Why did Nikon even release the D3000?

Am I the only one a little confused by this? Really, if they wanted a lower priced entry level DSLR, why not just continue the D60 line?

Seems to me Nikon re-invented the wheel 4 times now.

D40
D40x
D60
D3000

I do realize the subtle differences between the releases, but what I don't get is that with an already released entry level CMOS sensor camera body - why release a new CCD body?

Personally, I would have let the D40 continue on as the champion entry level DSLR it has proven to be, none of the others were even necessary in my opinion.

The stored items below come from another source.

(* Let $G=(V,E,m,w)$ be a weighted graph admitting an intrinsic metric $\rho$ with finite balls and finite jump size $s=\sup_{x\sim y}\rho(x,y)$. Suppose $G$ has polynomial volume growth: there are $x_0\in V$ and constants $\alpha, C$ with $m(B_R(x_0))\le C(1+R)^{\alpha}$ for all $R>0$. Let $k>0$ and $u\in\widetilde{\mathcal{P}}_k(G)$. Then for any $q\in\mathbb{N}$ with $4q>2k+\alpha+2$, $D_t^q u\equiv 0$. In particular, there exist functions $p_i$ on $V$, $0\le i\le q-1$, such that $u(x,t)=\sum_{i=0}^{q-1}p_i(x)\binom{-t}{i}$ for all $x\in V$, $t\in\mathbb{Z}_-$.
   Context: A weighted graph $G=(V,E,m,w)$ consists of a locally finite, simple, undirected, connected graph $(V,E)$, a symmetric edge weight $w:E\to(0,\infty)$, and a vertex weight $m:V\to(0,\infty)$; $m(\Omega)=\sum_{x\in\Omega}m_x$. The Laplacian is $\Delta f(x)=\sum_{y\sim x}\frac{w_{xy}}{m_x}(f(y)-f(x))$. A (pseudo)metric $\rho$ on $V$ is intrinsic if $\sum_{y\sim x}w_{xy}\rho^2(x,y)\le m_x$ for all $x$; $B_R(x)=\{y:\rho(y,x)\le R\}$. $\mathbb{Z}_-=\mathbb{Z}\cap(-\infty,0]$; $D_t u(x,t)=u(x,t)-u(x,t-1)$ and $D_t^q$ is its $q$-fold composition. An ancient solution of the discrete-time heat equation is $u:V\times\mathbb{Z}_-\to\mathbb{R}$ with $D_tu=\Delta u$. $\widetilde{\mathcal{P}}_k(G)$ is the space of such solutions for which there are $x_0\in V$ and $C_u$ with $\sup_{B_R(x_0)\times([-R^2,0]\cap\mathbb{Z})}|u|\le C_u(1+R)^k$ for all $R>0$. For $n\in\mathbb{Z}_{\ge0}$, $\binom{n}{i}=\frac{n(n-1)\cdots(n-i+1)}{i!}$ if $0\le i\le n$ and $0$ otherwise. *)

From HB Require Import structures.
From mathcomp Require Import all_boot all_order all_algebra.
From mathcomp Require Import reals exp.
Set Implicit Arguments. Unset Strict Implicit. Unset Printing Implicit Defensive.
Import Order.TTheory GRing.Theory Num.Theory.
Local Open Scope ring_scope.

(* A locally finite graph on the vertex type V is given by the neighbour
   lists nb : V -> seq V ; y ~ x  iff  y \in nb x. *)

Inductive reach (V : eqType) (nb : V -> seq V) : V -> V -> Prop :=
| reach_refl x : reach nb x x
| reach_step x y z : y \in nb x -> reach nb y z -> reach nb x z.

Definition weighted_graph (R : realType) (V : eqType) (nb : V -> seq V)
    (w : V -> V -> R) (m : V -> R) : Prop :=
  [/\ (forall x, uniq (nb x)),
      (forall x, x \notin nb x),
      (forall x y, (y \in nb x) = (x \in nb y)),
      (forall x y, y \in nb x -> w x y = w y x /\ 0 < w x y) &
      ((forall x, 0 < m x) /\ (forall x y, reach nb x y))].

Definition laplacian (R : realType) (V : eqType) (nb : V -> seq V)
    (w : V -> V -> R) (m : V -> R) (f : V -> R) (x : V) : R :=
  \sum_(y <- nb x) (w x y / m x) * (f y - f x).

Definition pseudometric (R : realType) (V : Type) (rho : V -> V -> R) : Prop :=
  [/\ (forall x, rho x x = 0),
      (forall x y, 0 <= rho x y),
      (forall x y, rho x y = rho y x) &
      (forall x y z, rho x z <= rho x y + rho y z)].

Definition intrinsic (R : realType) (V : eqType) (nb : V -> seq V)
    (w : V -> V -> R) (m : V -> R) (rho : V -> V -> R) : Prop :=
  pseudometric rho /\
  forall x, \sum_(y <- nb x) w x y * rho x y ^+ 2 <= m x.

Definition finite_balls (R : realType) (V : eqType) (rho : V -> V -> R) : Prop :=
  forall (x : V) (r : R), exists s : seq V,
    forall y, (y \in s) <-> rho y x <= r.

Definition finite_jump (R : realType) (V : eqType) (nb : V -> seq V)
    (rho : V -> V -> R) : Prop :=
  exists s : R, forall x y, y \in nb x -> rho x y <= s.

(* m(B_r(x0)) <= C (1+r)^alpha for all r > 0; m of a (finite) ball is the sum
   of m over its vertices, i.e. the sup of the sums over its finite
   duplicate-free subfamilies. *)
Definition poly_volume_growth (R : realType) (V : eqType) (m : V -> R)
    (rho : V -> V -> R) (x0 : V) (alpha C : R) : Prop :=
  forall r : R, 0 < r ->
    forall s : seq V, uniq s -> (forall y, y \in s -> rho y x0 <= r) ->
      \sum_(y <- s) m y <= C * powR (1 + r) alpha.

Definition Dt (R : realType) (V : Type) (u : V -> int -> R) : V -> int -> R :=
  fun x t => u x t - u x (t - 1)%R.

Definition Dtq (R : realType) (V : Type) (q : nat) (u : V -> int -> R) :
  V -> int -> R := iter q (@Dt R V) u.

(* ancient solution: D_t u = Delta u on V x Z_- (values at t > 0 are
   irrelevant and unconstrained) *)
Definition ancient_solution (R : realType) (V : eqType) (nb : V -> seq V)
    (w : V -> V -> R) (m : V -> R) (u : V -> int -> R) : Prop :=
  forall x (t : int), t <= 0 ->
    Dt u x t = laplacian nb w m (fun y => u y t) x.

Definition Ptilde (R : realType) (V : eqType) (nb : V -> seq V)
    (w : V -> V -> R) (m : V -> R) (rho : V -> V -> R) (k : R)
    (u : V -> int -> R) : Prop :=
  ancient_solution nb w m u /\
  exists (x0 : V) (Cu : R), forall r : R, 0 < r ->
    forall (y : V) (t : int), rho y x0 <= r -> - (r ^+ 2) <= t%:~R -> t <= 0 ->
      `|u y t| <= Cu * powR (1 + r) k.

(* The proof is a discrete parabolic Caccioppoli argument.  For an ancient
   solution g let E(g, r) be the L^2(m)-mass of g on the cylinder
   B_r(p) x (-r^2, 0].  Testing the heat equation against Lipschitz cutoffs
   adapted to the intrinsic metric gives, once r exceeds the jump size,
       r^4 E(D_t g, r) <= E(g, 7r):
   the Caccioppoli inequality bounds the space-time energy of g by its mass,
   and a second energy identity bounds the mass of D_t g by the energy.
   Since each D_t^j u is again an ancient solution, q iterations together
   with the growth of u and of the volume give
   E(D_t^q u, r) <= L r^(2k + alpha + 2 - 4q), which tends to 0; hence
   D_t^q u = 0, and Newton's forward-difference formula in t expresses u
   through the binomials C(-t, i), i < q. *)

From HB Require Import structures.
From mathcomp Require Import all_boot all_order all_algebra.
From mathcomp Require Import boolp reals exp.
From mathcomp.algebra_tactics Require Import ring lra.
From mathcomp Require Import zify.
Import Order.TTheory GRing.Theory Num.Theory.
Local Open Scope ring_scope.

Set Implicit Arguments. Unset Strict Implicit.

Section SeqSums.
Variables (R : realFieldType) (V : eqType).

Lemma uniq_sub_ler_sum (s1 s2 : seq V) (F : V -> R) :
  uniq s1 -> uniq s2 -> {subset s1 <= s2} -> {in s2, forall y, 0 <= F y} ->
  \sum_(y <- s1) F y <= \sum_(y <- s2) F y.
Proof.
move=> u1 u2 s12 F0; rewrite [leRHS](bigID (mem s1)) /=.
have -> : \sum_(y <- s2 | y \in s1) F y = \sum_(y <- s1) F y.
  rewrite -big_filter; apply/perm_big/uniq_perm; rewrite ?filter_uniq // => y.
  by rewrite mem_filter andb_idr //; apply: s12.
by rewrite lerDl big_seq_cond sumr_ge0 // => y /andP[/F0].
Qed.

Lemma big_mem_sub (s l : seq V) (F : V -> R) :
  uniq s -> uniq l -> {subset l <= s} ->
  \sum_(y <- s | y \in l) F y = \sum_(y <- l) F y.
Proof.
move=> us ul sub; rewrite -big_filter; apply/perm_big/uniq_perm.
- exact: filter_uniq.
- exact: ul.
- by move=> y; rewrite mem_filter andb_idr //; apply: sub.
Qed.

Lemma ler_sum_mem (s l : seq V) (F : V -> R) :
  uniq s -> uniq l -> {in l, forall y, 0 <= F y} ->
  \sum_(y <- s | y \in l) F y <= \sum_(y <- l) F y.
Proof.
move=> us ul F0; rewrite -big_filter uniq_sub_ler_sum ?filter_uniq //.
by move=> y; rewrite mem_filter => /andP[].
Qed.

Lemma ler_sum_ord_prefix (F : nat -> R) (T N : nat) :
  (forall n, 0 <= F n) -> (T <= N)%N -> \sum_(n < T) F n <= \sum_(n < N) F n.
Proof.
move=> F0 TN; rewrite -!(big_mkord xpredT) (big_cat_nat (leq0n T) TN) /=.
by rewrite lerDl sumr_ge0.
Qed.

Lemma ler_sum_telescope (K M E : nat -> R) :
  (forall n, K n <= M n.+1 - M n + E n) ->
  forall N, \sum_(n < N) K n <= M N - M 0%N + \sum_(n < N) E n.
Proof.
move=> KME; elim=> [|N IH]; first by rewrite !big_ord0; lra.
by rewrite !big_ord_recr /=; have := KME N; lra.
Qed.

(* Telescope up to each time N in [T, 2T) and average over these N. *)
Lemma ler_sum_telescope_average (K M E : nat -> R) (T : nat) :
  (0 < T)%N -> (forall n, 0 <= K n) -> (forall n, 0 <= M n) ->
  (forall n, 0 <= E n) -> (forall n, K n <= M n.+1 - M n + E n) ->
  \sum_(n < T) K n <= T%:R^-1 * \sum_(n < T + T) M n + \sum_(n < T + T) E n.
Proof.
move=> T0 K0 M0 E0 KME.
have L_le (i : 'I_T) :
    \sum_(n < T) K n <= M (T + i)%N + \sum_(n < T + T) E n.
  have TN : (T <= T + i)%N by rewrite leq_addr.
  have Nc : (T + i <= T + T)%N by rewrite leq_add2l ltnW.
  have := ler_sum_ord_prefix K0 TN; have := ler_sum_ord_prefix E0 Nc.
  have := ler_sum_telescope KME (T + i); have := M0 0%N; lra.
set L := \sum_(n < T) K n in L_le *; set c := \sum_(n < T + T) E n in L_le *.
have avg : T%:R * L <= \sum_(n < T + T) M n + T%:R * c.
  have sumT (a : R) : T%:R * a = \sum_(i < T) a by rewrite sumr_const card_ord mulr_natl.
  have : \sum_(i < T) L <= \sum_(i < T) (M (T + i)%N + c).
    by apply: ler_sum => i _; apply: L_le.
  rewrite big_split /= -!sumT big_split_ord /=.
  have : 0 <= \sum_(i < T) M i by exact: sumr_ge0.
  lra.
have Tp : 0 < T%:R :> R by rewrite ltr0n.
by rewrite -(ler_pM2l Tp) mulrDr mulrA mulfV ?gt_eqF // mul1r.
Qed.

End SeqSums.

Lemma powR_affine_le (R : realType) (a K d r : R) : 1 <= K -> 0 <= d -> 1 <= r ->
  powR (1 + (K * r + d)) a <= (powR (K + 1 + d) a + 1) * powR r a.
Proof.
move=> K1 d0 r1; have Kr0 : 0 <= K * r by rewrite mulr_ge0 //; lra.
have [a0|a0] := lerP 0 a.
  have le_r : 1 + (K * r + d) <= (K + 1 + d) * r.
    have : d <= d * r by rewrite ler_peMr.
    lra.
  have Kdr0 : 0 <= (K + 1 + d) * r by rewrite mulr_ge0; lra.
  apply: le_trans (_ : _ <= ((K + 1 + d) * r) `^ a) _.
    by apply: ge0_ler_powR; rewrite ?nnegrE //; lra.
  by rewrite powRM ?mulrDl ?mul1r ?lerDl ?powR_ge0 //; lra.
have r_le : r <= 1 + (K * r + d).
  have : r <= K * r by rewrite ler_peMl //; lra.
  lra.
rewrite -[a]opprK !(powRN _ (- a)) mulrDl mul1r ler_wpDl ?mulr_ge0 ?invr_ge0 ?powR_ge0 //.
rewrite lef_pV2 ?posrE ?powR_gt0 //; try lra.
by rewrite ge0_ler_powR ?nnegrE //; lra.
Qed.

Other than the interface on the D3000 (could have been a firmware upgrade to the D60), can anyone explain to me why Nikon chose this path?

Sidenote:
D3000 owners, don't get me wrong here - I think the D3000 is an excellent camera body, I love the D40 and D60 - I just don't understand why they released yet another rendition of essentially the same thing.


----------



## KmH (Nov 28, 2009)

Don't forget that Nikon sells worldwide. That makes it kind of hard to second decern their overall strategy.


----------



## dhilberg (Nov 28, 2009)

Probably an effort to keep costs as low as possible while introducing a new product. Consumers expect new electronic products to be released on a routine basis. If they would have just went on with the D40, it could be considered the "same old thing." Because the D3000 is newer, people think it's better.

That's my guess. I wouldn't really look into it any deeper than that.


----------



## Dominantly (Nov 28, 2009)

Maybe because that's how business works? Anything that sits too long becomes boring for a brand. The D60 needed to happen, and the D3000 just appears to be a quick refresher to keep newbies attention, while getting them to spend just a tad bit more money, for some features seen on more expensive models.
The D3000 is worthy of replacing the 40/60, and should make people feel like their are buying new technology.


----------



## hossmaster (Dec 1, 2009)

i don't think I would ever get used to a camera without a top lcd screen.


----------



## CWN (Dec 1, 2009)

You're right!

I remember with my D40 how I didn't think it was a big deal since the info was on the back - but now I don't know how I'd get by without it


----------



## FrankLamont (Dec 1, 2009)

They opt to replace the D40. Almost identical, but higher pixel count, which is primarily what buyers looking in that region particularly look at first.


----------



## schumionbike (Dec 1, 2009)

The D3000 does have a better focus system than the D40 which is a worth while improvement.  I have the D40 though and it's a great camera, the D40 is more bargain for your buck probably,


----------



## Dwig (Dec 2, 2009)

CWN said:


> ... the D3000 shares the old CCD sensor of the camera it replaced, the iconic D40....



Quite incorrect!

The D40 is the "odd man out" in the D40, D40x, D60, & D3000 series. The D40 used an antique CCD related to that in the D50 and D70. 

The D40x was a D40 with an upgraded sensor. The D60 was an upgraded D40x, not D40, with dust reduction and a few other improvements. The D3000 (new naming sequence but otherwise just another step on the path) is a D60 with a much improved AF sensor system as its primary enhancement.

The D5000 this a different animal. It is a hybrid between the D90 (same AF system, CMOS sensor, and video functions) in a simplified body similar to the entry level D3000, but with a rather nice positionable LCD panel.


----------



## CWN (Dec 2, 2009)

Good observation, however my point was CCD vs CMOS


----------